The Belmont report outlines three fundamental principles that are especially important to the morality of research involving human subjects. The following are these three guidelines:

• Justice: No group should be unduly burdened with more research costs than they should, and everyone who participated in the study should be able to take use of the findings. In their work, Minnies et al. (2008) stress that "participants are particularly prone to research exploitation due to poverty, disease, lack of knowledge, hardship, submissiveness, the effects of war, starvation, pandemics, and social insecurity widespread in developing nations."
• Beneficence: Potential harms should be reduced, and potential gains should be increased.
• Respect for autonomy: Vulnerable people must be protected while the right of individuals to freely choose and act must be upheld.

An additional principle is listed in the "International Ethical Guidelines for Biomedical Research Involving Human Subjects" published in 2002 by the Council for International Organizations of Medical Sciences (CIOMS): Non-maleficence: A participant in the study shouldn't purposefully hurt or harm themselves as a result of their participation.

Clinical Trials

Data on the efficacy and safety of health treatments (such as medications, diagnostic procedures, medical devices, and treatment protocols) can be gathered through randomised controlled trials (RCTs). Depending on what the trial is examining and where it is in the development process, it may be undertaken using healthy volunteers or patients. Phase I to Phase IV are the typical trial phases:

• Phase I evaluates the safety of an experimental drug or treatment, establishes a safe dosage range, and identifies side effects in a small group of healthy individuals. There are typically less than 100 participants in this phase.
• Phase II studies the drug or treatment in a small number of patients to determine its efficacy and further assess its safety. There are often only a few hundred participants in this phase.
• Phase III involves testing the experimental drug or treatment on large numbers of individuals to determine its efficacy, track any side effects, compare it to therapies already in use, and gather data that will enable the safe use of the product. Several hundred to several thousand people typically participate in this phase.
• Phase IV, which is regarded as the surveillance stage, gathers more data regarding the drug's risks, advantages, and ideal application. The broader public will be involved in this stage.

Informed consent:

"Informed Consent" is the primary tool for guaranteeing a person's rights are protected. In order to obtain the possible participant's agreement to participate in the study, all study-related activities that go above and beyond standard care must be disclosed to the potential participant. Agreements for the conduct of clinical research were developed in response to well-known incidents like the Nazi experimentation on concentration camp inmates during World War II and the Tuskegee syphilis study (1932–1972) on black American men. These agreements, which also influenced the creation of the International Conference on Harmonization Principles of Good Clinical Practice (ICH GCP) 1996 standards, included the 1947 Nuremberg Code, the 1964 Helsinki Declaration, and the 1979 Belmont Report. Despite the fact that the ICH-GCP recommendations are for trials, the majority of the concepts can be used for any kind of study. These guidelines define informed consent as: ‘the process by which a person freely confirms their willingness to participate in clinical research after having been informed of all parts of the study that are relevant to the individual’s decision to participate’.

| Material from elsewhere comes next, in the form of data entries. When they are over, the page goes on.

Lemma V2_pointwise_le l M eta xi z : -1/2 <= l -> 0 < z < eta -> eta < xi -> 0 <= M ->
  (forall x, x < 0 -> Rabs (hyp2F1 (1 + l) (1 + l) (2 + 2 * l) x)
                     <= M * (Rpower (1 - x) (- (1 + l)) * sqrt (1 - x))) ->
  V2 l z xi eta * Rpower z (l - 1/2)
    <= Rabs (V2_const l) * M * Rpower (xi - eta) (l + 1/2) / sqrt xi / sqrt (eta - z).
Proof.
  intros hl Hz Hxi HM0 HM.
  assert (Hx : sigma2 z xi eta < 0).
  { unfold sigma2, Rdiv. rewrite Ropp_mult_distr_l.
    apply Rmult_neg_pos; [nra | apply Rinv_0_lt_compat; nra]. }
  set (P := Rpower (xi - eta) (1 + 2 * l) * z / (Rpower xi (l + 1) * Rpower (eta - z) (l + 1))).
  set (Q := Rpower (1 - sigma2 z xi eta) (- (1 + l)) * sqrt (1 - sigma2 z xi eta)).
  set (F := Rabs (hyp2F1 (1 + l) (1 + l) (2 + 2 * l) (sigma2 z xi eta))).
  set (G := Rpower (xi - eta) (l + 1/2) / sqrt xi / sqrt (eta - z)).
  set (w := (xi - eta) * z / (eta * (xi - z))).
  assert (HP : 0 < P).
  { apply Rdiv_lt_0_compat; [apply Rmult_lt_0_compat; [apply exp_pos | lra]|].
    apply Rmult_lt_0_compat; apply exp_pos. }
  assert (Hz' : 0 < Rpower z (l - 1/2)) by apply exp_pos.
  assert (HF : 0 <= F) by apply Rabs_pos.
  assert (HG : 0 <= G).
  { unfold G, Rdiv. repeat apply Rmult_le_pos; try (apply Rlt_le, exp_pos);
      apply Rlt_le, Rinv_0_lt_compat, sqrt_lt_R0; lra. }
  (* The leftover factor of [V2_exponent_identity]: [w <= 1] as [z < eta], and [l + 1/2 >= 0]. *)
  assert (Hw : Rpower w (l + 1/2) <= 1).
  { assert (Hw1 : 0 < w <= 1).
    { unfold w. split; [apply Rdiv_lt_0_compat; nra|].
      apply Rmult_le_reg_r with (eta * (xi - z)); [nra|].
      unfold Rdiv. rewrite Rmult_assoc, Rinv_l by nra. nra. }
    eapply Rle_trans; [apply (Rle_Rpower_l w 1); [lra | exact Hw1]|].
    unfold Rpower. rewrite ln_1, Rmult_0_r, exp_0. lra. }
  unfold V2. fold (V2_const l) P F.
  apply Rle_trans with (Rabs (V2_const l) * (P * (M * Q) * Rpower z (l - 1/2))).
  - replace (V2_const l * P * F * Rpower z (l - 1/2))
      with (V2_const l * (P * F * Rpower z (l - 1/2))) by ring.
    apply Rle_trans with (Rabs (V2_const l) * (P * F * Rpower z (l - 1/2))).
    + apply Rmult_le_compat_r; [|apply Rle_abs].
      apply Rmult_le_pos; [apply Rmult_le_pos|]; lra.
    + apply Rmult_le_compat_l; [apply Rabs_pos|].
      apply Rmult_le_compat_r; [lra|]. apply Rmult_le_compat_l; [lra|]. apply HM, Hx.
  - replace (Rabs (V2_const l) * (P * (M * Q) * Rpower z (l - 1/2)))
      with (Rabs (V2_const l) * M * (P * Q * Rpower z (l - 1/2))) by ring.
    unfold P, Q. rewrite (V2_exponent_identity l eta xi z Hz Hxi). fold G w.
    replace (Rabs (V2_const l) * M * Rpower (xi - eta) (l + 1/2) / sqrt xi / sqrt (eta - z))
      with (Rabs (V2_const l) * M * G * 1) by (unfold G, Rdiv; ring).
    rewrite <- Rmult_assoc. apply Rmult_le_compat_l; [|exact Hw].
    apply Rmult_le_pos; [apply Rmult_le_pos; [apply Rabs_pos | exact HM0] | exact HG].
Qed.

Lemma RiemannInt_le_primitive (f g F : R -> R) (a b : R) (pr : Riemann_integrable f a b) :
  a <= b -> (forall z, a < z < b -> f z <= g z) ->
  (forall z, a <= z <= b -> is_derive F z (g z) /\ continuous g z) ->
  RiemannInt pr <= F b - F a.
Proof.
  intros Hab Hfg HF.
  assert (pr_g : Riemann_integrable g a b).
  { apply continuity_implies_RiemannInt; [exact Hab|].
    intros z Hz. apply continuity_pt_filterlim, HF, Hz. }
  apply Rle_trans with (RiemannInt pr_g); [apply (RiemannInt_P19 pr pr_g Hab Hfg)|].
  rewrite <- (RInt_Reals g a b pr_g).
  assert (HI : is_RInt g a b (minus (F b) (F a))).
  { apply (is_RInt_derive (V := R_CompleteNormedModule) F g);
      intros z Hz; rewrite Rmin_left, Rmax_right in Hz by lra; apply HF, Hz. }
  rewrite (is_RInt_unique _ _ _ _ HI). right. reflexivity.
Qed.

Lemma RiemannInt_le_inv_sqrt_right (f : R -> R) (C e a b : R) (pr : Riemann_integrable f a b) :
  0 <= C -> e < a -> a <= b -> (forall z, a < z < b -> f z <= C / sqrt (z - e)) ->
  RiemannInt pr <= 2 * C * sqrt (b - e).
Proof.
  intros HC Hea Hab Hf.
  eapply Rle_trans.
  { apply (RiemannInt_le_primitive f (fun z => C / sqrt (z - e))
             (fun z => 2 * C * sqrt (z - e)) a b pr Hab Hf).
    intros z Hz. assert (0 < sqrt (z - e)) by (apply sqrt_lt_R0; lra). split.
    - auto_derive; [lra|]. replace (z + - e) with (z - e) by ring. field. lra.
    - apply (ex_derive_continuous (K := R_AbsRing) (fun z => C / sqrt (z - e))).
      auto_derive. replace (z + - e) with (z - e) by ring. repeat split; lra. }
  assert (0 <= sqrt (a - e)) by apply sqrt_pos. nra.
Qed.

Lemma RiemannInt_le_inv_sqrt_left (f : R -> R) (C e a b : R) (pr : Riemann_integrable f a b) :
  0 <= C -> b < e -> a <= b -> (forall z, a < z < b -> f z <= C / sqrt (e - z)) ->
  RiemannInt pr <= 2 * C * sqrt (e - a).
Proof.
  intros HC Hbe Hab Hf.
  eapply Rle_trans.
  { apply (RiemannInt_le_primitive f (fun z => C / sqrt (e - z))
             (fun z => - (2 * C * sqrt (e - z))) a b pr Hab Hf).
    intros z Hz. assert (0 < sqrt (e - z)) by (apply sqrt_lt_R0; lra). split.
    - auto_derive; [lra|]. replace (e + - z) with (e - z) by ring. field. lra.
    - apply (ex_derive_continuous (K := R_AbsRing) (fun z => C / sqrt (e - z))).
      auto_derive. replace (e + - z) with (e - z) by ring. repeat split; lra. }
  assert (0 <= sqrt (e - b)) by apply sqrt_pos. nra.
Qed.

Lemma div_sqrt_mul_sqrt_le (K t u : R) : 0 <= K -> 0 <= t <= u -> 0 < u ->
  2 * (K / sqrt u) * sqrt t <= 2 * K.
Proof.
  intros HK Ht Hu. assert (Hsu : 0 < sqrt u) by (apply sqrt_lt_R0, Hu).
  assert (sqrt t <= sqrt u) by (apply sqrt_le_1_alt; lra).
  replace (2 * K) with (2 * (K / sqrt u) * sqrt u) by (field; lra).
  apply Rmult_le_compat_l; [|assumption].
  apply Rmult_le_pos; [lra | apply Rdiv_le_0_compat; lra].
Qed.

Theorem corollaryA3 (l : R) (hl : -1/2 <= l) :
  exists A1 A2 : R,
    forall eta xi : R, 0 < eta -> eta < xi ->
      (forall (a b : R)
         (pr : Riemann_integrable
                 (fun z => V1 l z xi eta * Rpower z (l - 1/2)) a b),
         eta < a -> a <= b -> b < xi ->
         RiemannInt pr <= A1 * Rpower (xi - eta) (l + 1/2)) /\
      (forall (a b : R)
         (pr : Riemann_integrable
                 (fun z => V2 l z xi eta * Rpower z (l - 1/2)) a b),
         0 < a -> a <= b -> b < eta ->
         RiemannInt pr <= A2 * Rpower (xi - eta) (l + 1/2)).
Proof.
  destruct (hyp2F1_V1_le l) as [M1 [HM1 H1]].
  destruct (hyp2F1_V2_le l hl) as [M2 [HM2 H2]].
  exists (2 * M1), (2 * (Rabs (V2_const l) * M2)).
  intros eta xi He Hxi.
  assert (HR : 0 <= Rpower (xi - eta) (l + 1/2)) by apply Rlt_le, exp_pos.
  split; intros a b pr Ha Hab Hb.
  - set (K := M1 * Rpower (xi - eta) (l + 1/2)).
    assert (HK : 0 <= K) by (apply Rmult_le_pos; lra).
    eapply Rle_trans.
    + apply (RiemannInt_le_inv_sqrt_right _ (K / sqrt xi) eta a b pr); try lra.
      * apply Rdiv_le_0_compat; [lra | apply sqrt_lt_R0; lra].
      * intros z Hz. unfold K. apply V1_pointwise_le; [lra | lra | exact H1].
    + replace (2 * M1 * Rpower (xi - eta) (l + 1/2)) with (2 * K) by (unfold K; ring).
      apply div_sqrt_mul_sqrt_le; lra.
  - set (K := Rabs (V2_const l) * M2 * Rpower (xi - eta) (l + 1/2)).
    assert (HK : 0 <= K) by (repeat apply Rmult_le_pos; try apply Rabs_pos; lra).
    eapply Rle_trans.
    + apply (RiemannInt_le_inv_sqrt_left _ (K / sqrt xi) eta a b pr); try lra.
      * apply Rdiv_le_0_compat; [lra | apply sqrt_lt_R0; lra].
      * intros z Hz. unfold K. apply V2_pointwise_le; [lra | lra | lra | lra | exact H2].
    + replace (2 * (Rabs (V2_const l) * M2) * Rpower (xi - eta) (l + 1/2)) with (2 * K)
        by (unfold K; ring).
      apply div_sqrt_mul_sqrt_le; lra.
Qed.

Future of Clinical Research:

Technology advancements and data analytics are projected to be the driving forces behind clinical research in the future, resulting in patient treatment that is more individualised and effective. Patient-centred outcomes and the use of real-world evidence to guide therapeutic decision-making are expected to receive more attention in the future. Decentralized clinical trials, virtual healthcare choices, and a stronger emphasis on diversity and inclusion in clinical research participation are further trends that are likely to continue.